What "business-aware retrieval" means

Agents in real business use cases must be able to retrieve information that is current, structured, compliant with business rules, and ranked according to real priorities. In other words, they must be capable of “business-aware retrieval”. 

Traditional retrieval pipelines like vanilla RAG rely mainly on vector search, which doesn’t understand business rules like compliance status, inventory, pricing, availability, permissions, or priorities.
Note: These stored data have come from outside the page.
(* Let $n\ge 4$ and let $D_n$ be the tree on vertex set $\{1,2,\ldots,n\}$ whose edges are $\{1,3\}$, $\{2,3\}$ and $\{i,i+1\}$ for $3\le i\le n-1$. Let $A$ be its adjacency matrix, $e$ the all-ones vector of length $n$, $W(D_n)=[e,Ae,\ldots,A^{n-1}e]$, and let $\hat W(D_n)$ be the $(n-1)\times(n-1)$ matrix obtained from $W(D_n)$ by deleting the first row and the last column. Then: (i) if $4\nmid n$, then $\det \hat W(D_n)=\pm 2^{\lfloor n/2\rfloor-1}$; (ii) if $4\mid n$, then $\operatorname{rank}\hat W(D_n)=n-2$.
   Context: $D_n$ is the Dynkin graph: the path of order $n-1$ with a pendant edge added at its second vertex (here the path is $1,3,4,\ldots,n$ and vertex $2$ is the pendant vertex attached to vertex $3$). *)

From mathcomp Require Import all_boot all_order all_algebra.
Set Implicit Arguments. Unset Strict Implicit. Unset Printing Implicit Defensive.
Import GRing.Theory Num.Theory.
Local Open Scope ring_scope.

(* Vertices 1..n of the paper are represented by 'I_n, vertex k+1 <-> index k.
   Edges of D_n (paper): {1,3}, {2,3}, {i,i+1} for 3 <= i <= n-1.
   0-based: {0,2}, {1,2}, {i,i+1} for 2 <= i <= n-2. *)
Definition Dedge (i j : nat) : bool :=
  [|| (i == 0%N) && (j == 2%N), (i == 1%N) && (j == 2%N)
    | (2 <= i)%N && (j == i.+1)].

Definition Dadj (R : nzRingType) (n : nat) : 'M[R]_n :=
  \matrix_(i < n, j < n) (if Dedge i j || Dedge j i then 1 else 0).

Definition Wmat (R : nzRingType) (n : nat) : 'M[R]_n :=
  \matrix_(i < n, j < n) ((Dadj R n ^+ j) *m const_mx 1) i (@ord0 0).

(* entry (i,j) of W(D_n) with nat indices (0 outside the range, never used) *)
Definition Went (R : nzRingType) (n : nat) (i j : nat) : R :=
  match @insub nat (fun k => k < n)%N _ i, @insub nat (fun k => k < n)%N _ j with
  | Some i', Some j' => Wmat R n (i' : 'I_n) (j' : 'I_n)
  | _, _ => 0
  end.

Definition What (R : nzRingType) (n : nat) : 'M[R]_(n.-1) :=
  \matrix_(i < n.-1, j < n.-1) Went R n i.+1 j.

From mathcomp Require Import all_boot all_order all_algebra.
From mathcomp Require Import perm zify ring.
Set Implicit Arguments.
Unset Strict Implicit.
Unset Printing Implicit Defensive.
Import GRing.Theory Num.Theory.
Local Open Scope ring_scope.

(* Write n = r + 2 and A for the adjacency matrix of D_n.  Replacing the
   Krylov columns A^j e by V_j(A) e, for the Vieta-Lucas polynomials V_0 = 2,
   V_1 = x, V_{j+2} = x V_{j+1} - V_j (with V_0 replaced by 1, so that the change
   of basis is unitriangular), changes neither determinant nor rank.  On the path
   of D_n, V_j(A) acts as the sum of the j-th forward and backward shifts, so
   V_j(A) e has explicit small entries.  Subtracting consecutive columns and
   moving the last one to the front turns the row of a leaf into (1, 0, ..., 0)
   and leaves F_r(0, 0) = [Fmx r 0 0] in the corner.  Clearing one column and
   permuting splits F_{r+2}(a, b) into a 2 x 2 block of determinant -2 and
   F_r(1 - b, a).  Hence det F_r(a, b) is 2^(r/2) up to sign times an affine
   function of (a, b) depending on r mod 4, equal to 1 at (0, 0) unless
   4 | r + 2; in that case two steps take F(a, a) to F(1 - a, 1 - a), and the
   recursion ends at F_2(a, a), of rank 1. *)

Definition pm_eq {R : zmodType} (x y : R) := x = y \/ x = - y.

Section PmEq.
Variable R : nzRingType.
Implicit Types x y z w : R.

Lemma pm_eq_refl x : pm_eq x x.
Proof. by left. Qed.

Lemma pm_eq_sym x y : pm_eq x y -> pm_eq y x.
Proof. by case=> ->; [left | right; rewrite opprK]. Qed.

Lemma pm_eq_trans x y z : pm_eq x y -> pm_eq y z -> pm_eq x z.
Proof. by case=> -> [] ->; rewrite ?opprK; [left | right | right | left]. Qed.

Lemma pm_eqNr x y : pm_eq x (- y) -> pm_eq x y.
Proof. by case=> ->; [right | left; rewrite opprK]. Qed.

Lemma pm_eqM x y z w : pm_eq x y -> pm_eq z w -> pm_eq (x * z) (y * w).
Proof.
by case=> -> [] ->; rewrite ?mulrN ?mulNr ?opprK; [left | right | right | left].
Qed.

End PmEq.

Lemma sum_ord_delta (R : nzRingType) n (F : nat -> R) c :
  \sum_(l < n) F l * (l == c :> nat)%:R = if (c < n)%N then F c else 0.
Proof.
transitivity (\sum_(l < n | l == c :> nat) F l); last exact: big_ord1_eq.
rewrite [RHS]big_mkcond; apply: eq_bigr => l _.
by case: eqP; rewrite ?mulr1 ?mulr0.
Qed.

Lemma det_mx22 (R : comNzRingType) (f : nat -> nat -> R) :
  \det (\matrix_(i < 2, j < 2) f i j) = f 0%N 0%N * f 1%N 1%N - f 0%N 1%N * f 1%N 0%N.
Proof.
rewrite (expand_det_row _ 0) !big_ord_recl big_ord0 /cofactor !det_mx11 !mxE /=.
by rewrite /bump /=; ring.
Qed.

Lemma det_mx33 (R : comNzRingType) (f : nat -> nat -> R) :
  \det (\matrix_(i < 3, j < 3) f i j) =
  f 0%N 0%N * (f 1%N 1%N * f 2%N 2%N - f 1%N 2%N * f 2%N 1%N)
  - f 0%N 1%N * (f 1%N 0%N * f 2%N 2%N - f 1%N 2%N * f 2%N 0%N)
  + f 0%N 2%N * (f 1%N 0%N * f 2%N 1%N - f 1%N 1%N * f 2%N 0%N).
Proof.
rewrite (expand_det_row _ 0) !big_ord_recl big_ord0 /cofactor.
rewrite !(expand_det_row _ 0) !big_ord_recl !big_ord0 /cofactor !det_mx11 !mxE /=.
by rewrite /bump /=; ring.
Qed.

Section SignEquiv.
Variable R : comNzRingType.

Definition sign_equiv n (M N : 'M[R]_n) :=
  exists P Q : 'M[R]_n, [/\ pm_eq (\det P) 1, pm_eq (\det Q) 1 & N = P *m M *m Q].

Lemma sign_equiv_trans n (M N L : 'M[R]_n) :
  sign_equiv M N -> sign_equiv N L -> sign_equiv M L.
Proof.
move=> [P [Q [dP dQ ->]]] [P' [Q' [dP' dQ' ->]]].
exists (P' *m P), (Q *m Q'); rewrite !det_mulmx !mulmxA.
by split=> //; rewrite -[X in pm_eq _ X]mulr1; apply: pm_eqM.
Qed.

Lemma det_sign_equiv n (M N : 'M[R]_n) : sign_equiv M N -> pm_eq (\det N) (\det M).
Proof.
move=> [P [Q [dP dQ ->]]]; rewrite !det_mulmx.
rewrite -[X in pm_eq _ X]mul1r -[X in pm_eq _ X]mulr1.
by apply: pm_eqM => //; apply: pm_eqM => //; apply: pm_eq_refl.
Qed.

Lemma sign_equiv_mulmx n (M E : 'M[R]_n) : pm_eq (\det E) 1 -> sign_equiv M (M *m E).
Proof. by move=> dE; exists 1%:M, E; rewrite det1 mul1mx; split=> //; left. Qed.

Lemma det_unitrig n (E : 'M[R]_n) :
  is_trig_mx E -> (forall i, E i i = 1) -> \det E = 1.
Proof. by move=> /det_trig-> E1; rewrite big1. Qed.

Lemma sign_equiv_reindex n (f : nat -> nat -> R) (rho gam : nat -> nat) :
  {homo rho : x / (x < n)%N} -> {in gtn n &, injective rho} ->
  {homo gam : x / (x < n)%N} -> {in gtn n &, injective gam} ->
  sign_equiv (\matrix_(i < n, j < n) f i j) (\matrix_(i < n, j < n) f (rho i) (gam j)).
Proof.
move=> rhoN rhoI gamN gamI.
pose s_ (i : 'I_n) : 'I_n := Ordinal (rhoN i (ltn_ord i)).
pose t_ (i : 'I_n) : 'I_n := Ordinal (gamN i (ltn_ord i)).
have sI : injective s_.
  by move=> i j [/rhoI]; rewrite !inE => /(_ (ltn_ord i) (ltn_ord j)) /val_inj.
have tI : injective t_.
  by move=> i j [/gamI]; rewrite !inE => /(_ (ltn_ord i) (ltn_ord j)) /val_inj.
have sign_perm (u : 'S_n) : pm_eq (\det (perm_mx u : 'M[R]_n)) 1.
  by rewrite det_perm; case: (odd_perm u); [right | left].
exists (perm_mx (perm sI)), (perm_mx (perm tI)^-1); split; rewrite ?sign_perm //.
by rewrite -row_permE -col_permE; apply/matrixP => i j; rewrite !mxE !permE.
Qed.

Lemma mx_nat_lblock p q (h : nat -> nat -> R) :
  (forall i j, (i < p)%N -> (j < q)%N -> h i (p + j)%N = 0) ->
  \matrix_(i < p + q, j < p + q) h i j =
  block_mx (\matrix_(i < p, j < p) h i j) 0
           (\matrix_(i < q, j < p) h (p + i)%N j) (\matrix_(i < q, j < q) h (p + i)%N (p + j)%N).
Proof.
move=> h0; rewrite -[LHS]submxK; congr block_mx; apply/matrixP => i j; rewrite !mxE //=.
exact: h0.
Qed.

End SignEquiv.

Section SignEquivRank.
Variable F : fieldType.

Lemma mxrank_sign_equiv n (M N : 'M[F]_n) : sign_equiv M N -> \rank N = \rank M.
Proof.
have unit_pm (P : 'M[F]_n) : pm_eq (\det P) 1 -> P \in unitmx.
  by rewrite unitmxE => -[] ->; rewrite ?unitrN unitr1.
move=> [P [Q [/unit_pm uP /unit_pm uQ ->]]].
by rewrite mxrankMfree ?row_free_unit // eqmxMfull ?row_full_unit.
Qed.

Lemma mxrank_lblock_unit p q (A : 'M[F]_p) (C : 'M[F]_(q, p)) (D : 'M[F]_q) :
  A \in unitmx -> \rank (block_mx A 0 C D) = (p + \rank D)%N.
Proof.
move=> uA.
have -> : block_mx A 0 C D = block_mx 1%:M 0 (C *m invmx A) 1%:M *m block_mx A 0 0 D.
  by rewrite mulmx_block !mulmx0 !mul0mx !mul1mx !addr0 !add0r -mulmxA mulVmx ?mulmx1.
rewrite eqmxMfull ?rank_diag_block_mx ?(mxrank_unit uA) //.
by rewrite row_full_unit unitmxE det_lblock !det1 mulr1 unitr1.
Qed.

End SignEquivRank.

(* Decide every nat test in the goal that lia can settle from the context and
   case-split on the others, innermost first (tests whose operands still contain
   a conditional are postponed); equations [x == c] then substitute for x. *)
Ltac eval_nat_tests :=
  repeat match goal with
  | |- context [ (?x == ?y)%N ] =>
      first [ have -> : (x == y)%N = true by lia | have -> : (x == y)%N = false by lia ]
  | |- context [ (?x <= ?y)%N ] =>
      first [ have -> : (x <= y)%N = true by lia | have -> : (x <= y)%N = false by lia ]
  end.

Ltac if_free t := lazymatch t with context [if _ then _ else _] => fail | _ => idtac end.

Ltac split_nat_tests :=
  eval_nat_tests; try match goal with
  | |- context [ (?x == ?y)%N ] =>
      if_free x; if_free y;
      let E := fresh "E" in case E : (x == y)%N; split_nat_tests
  | |- context [ (?x <= ?y)%N ] =>
      if_free x; if_free y;
      let E := fresh "E" in case E : (x <= y)%N; split_nat_tests
  end.

Ltac nat_cases :=
  split_nat_tests;
  repeat match goal with
  | E : (?x == _)%N = true |- _ => is_var x; move/eqP: E => E; subst x
  end;
  rewrite /=.

Section Fmx.
Variable R : comNzRingType.
Implicit Types a b : R.

Definition Fentry r a b (k l : nat) : R :=
  if l == 0%N then (if k == 0%N then a + b else if k == r.-1 then a - b else 1)
  else (k + l == r.-1)%:R + (k + l == r)%:R + (k.+1 == l)%:R - (k == l)%:R.

Definition Fmx r a b : 'M[R]_r := \matrix_(k, l) Fentry r a b k l.

Section Reduction.
Variables (r : nat) (a b : R).
Hypothesis r_ge2 : (2 <= r)%N.

Definition Fmx_elim : 'M[R]_r.+2 :=
  \matrix_(l, j) ((l == j :> nat)%:R
                  - (j == 0 :> nat)%:R * (a * (l == 1 :> nat)%:R + b * (l == r.+1 :> nat)%:R)).

Definition Fmx_reduced (k l : nat) : R :=
  Fentry r.+2 a b k l
  - (l == 0%N)%:R * (a * Fentry r.+2 a b k 1 + b * Fentry r.+2 a b k r.+1).

Lemma det_Fmx_elim : \det Fmx_elim = 1.
Proof.
apply: det_unitrig => [|i]; last by rewrite mxE; nat_cases; ring.
by apply/is_trig_mxP => i j lt_ij; rewrite mxE; nat_cases; ring.
Qed.

Lemma Fmx_elimE : Fmx r.+2 a b *m Fmx_elim = \matrix_(k, l) Fmx_reduced k l.
Proof.
apply/matrixP => k l; rewrite !mxE /Fmx_reduced.
under eq_bigr => m _ do rewrite !mxE mulrBr mulrCA mulrDr (mulrCA _ a) (mulrCA _ b).
rewrite sumrB -mulr_sumr big_split -!mulr_sumr /=.
by rewrite !(sum_ord_delta _ (Fentry r.+2 a b k)) ltn_ord ltnSn.
Qed.

Definition Fmx_row_perm (x : nat) :=
  if x == 0%N then 0%N else if x == 1%N then r.+1 else x.-1.

Definition Fmx_col_perm (x : nat) :=
  if x == 0%N then 1%N else if x == 1%N then r.+1 else if x == 2%N then 0%N else x.-1.

(* After clearing column 0 with columns 1 and r + 1, rows 0, r + 1 meet the
   other columns only in zeros. *)
Lemma Fmx_reduce :
  exists (B : 'M[R]_2) (C : 'M[R]_(r, 2)),
    \det B = - 2 /\ sign_equiv (Fmx r.+2 a b) (block_mx B 0 C (Fmx r (1 - b) a)).
Proof.
pose G k l := Fmx_reduced (Fmx_row_perm k) (Fmx_col_perm l).
have elim_col0 := sign_equiv_mulmx (Fmx r.+2 a b) (or_introl det_Fmx_elim).
rewrite Fmx_elimE in elim_col0.
have reorder : sign_equiv (\matrix_(k < r.+2, l < r.+2) Fmx_reduced k l)
                          (\matrix_(k < r.+2, l < r.+2) G k l).
  apply: sign_equiv_reindex => [x|x y|x|x y];
    rewrite ?inE /Fmx_row_perm /Fmx_col_perm /=; repeat case: ifP; lia.
rewrite (@mx_nat_lblock _ 2 r G) in reorder; last first.
  move=> [|[|i]] // [|j] _ lt_jr;
    rewrite /G /Fmx_reduced /Fmx_row_perm /Fmx_col_perm /Fentry /=; nat_cases; ring.
have corner : \matrix_(i < r, j < r) G (2 + i)%N (2 + j)%N = Fmx r (1 - b) a.
  apply/matrixP => i j; rewrite !mxE /G /Fmx_reduced /Fmx_row_perm /Fmx_col_perm /Fentry /=.
  move: (ltn_ord i) (ltn_ord j); move: (i : nat) (j : nat) => i' [|j'] lt_ir lt_jr /=;
    nat_cases; ring.
rewrite corner in reorder; do 2!eexists; split; last exact: sign_equiv_trans reorder.
by rewrite (det_mx22 G) /G /Fmx_reduced /Fmx_row_perm /Fmx_col_perm /Fentry /=; nat_cases; ring.
Qed.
For example, a vector-only retrieval system might recommend a product that matches the description perfectly, but is out of stock or not a product the merchandising team wants to promote. Or it might surface a policy document that is semantically related to a question an employee asks, but the document is outdated, unapproved, or restricted to a different team

So while the result is technically relevant, it’s not actually relevant operationally. Therefore, we would say that the  retrieval isn’t business-aware. With business-aware retrieval, relevance has to be defined by both meaning and business constraints, like:

• What data is allowed to be shown (permissions, compliance, region)

• What data is valid right now (in-stock status, current pricing, approved content)

• What data should be prioritized (high-margin products, recent updates, high-performing items)

To make this possible, two things must work together.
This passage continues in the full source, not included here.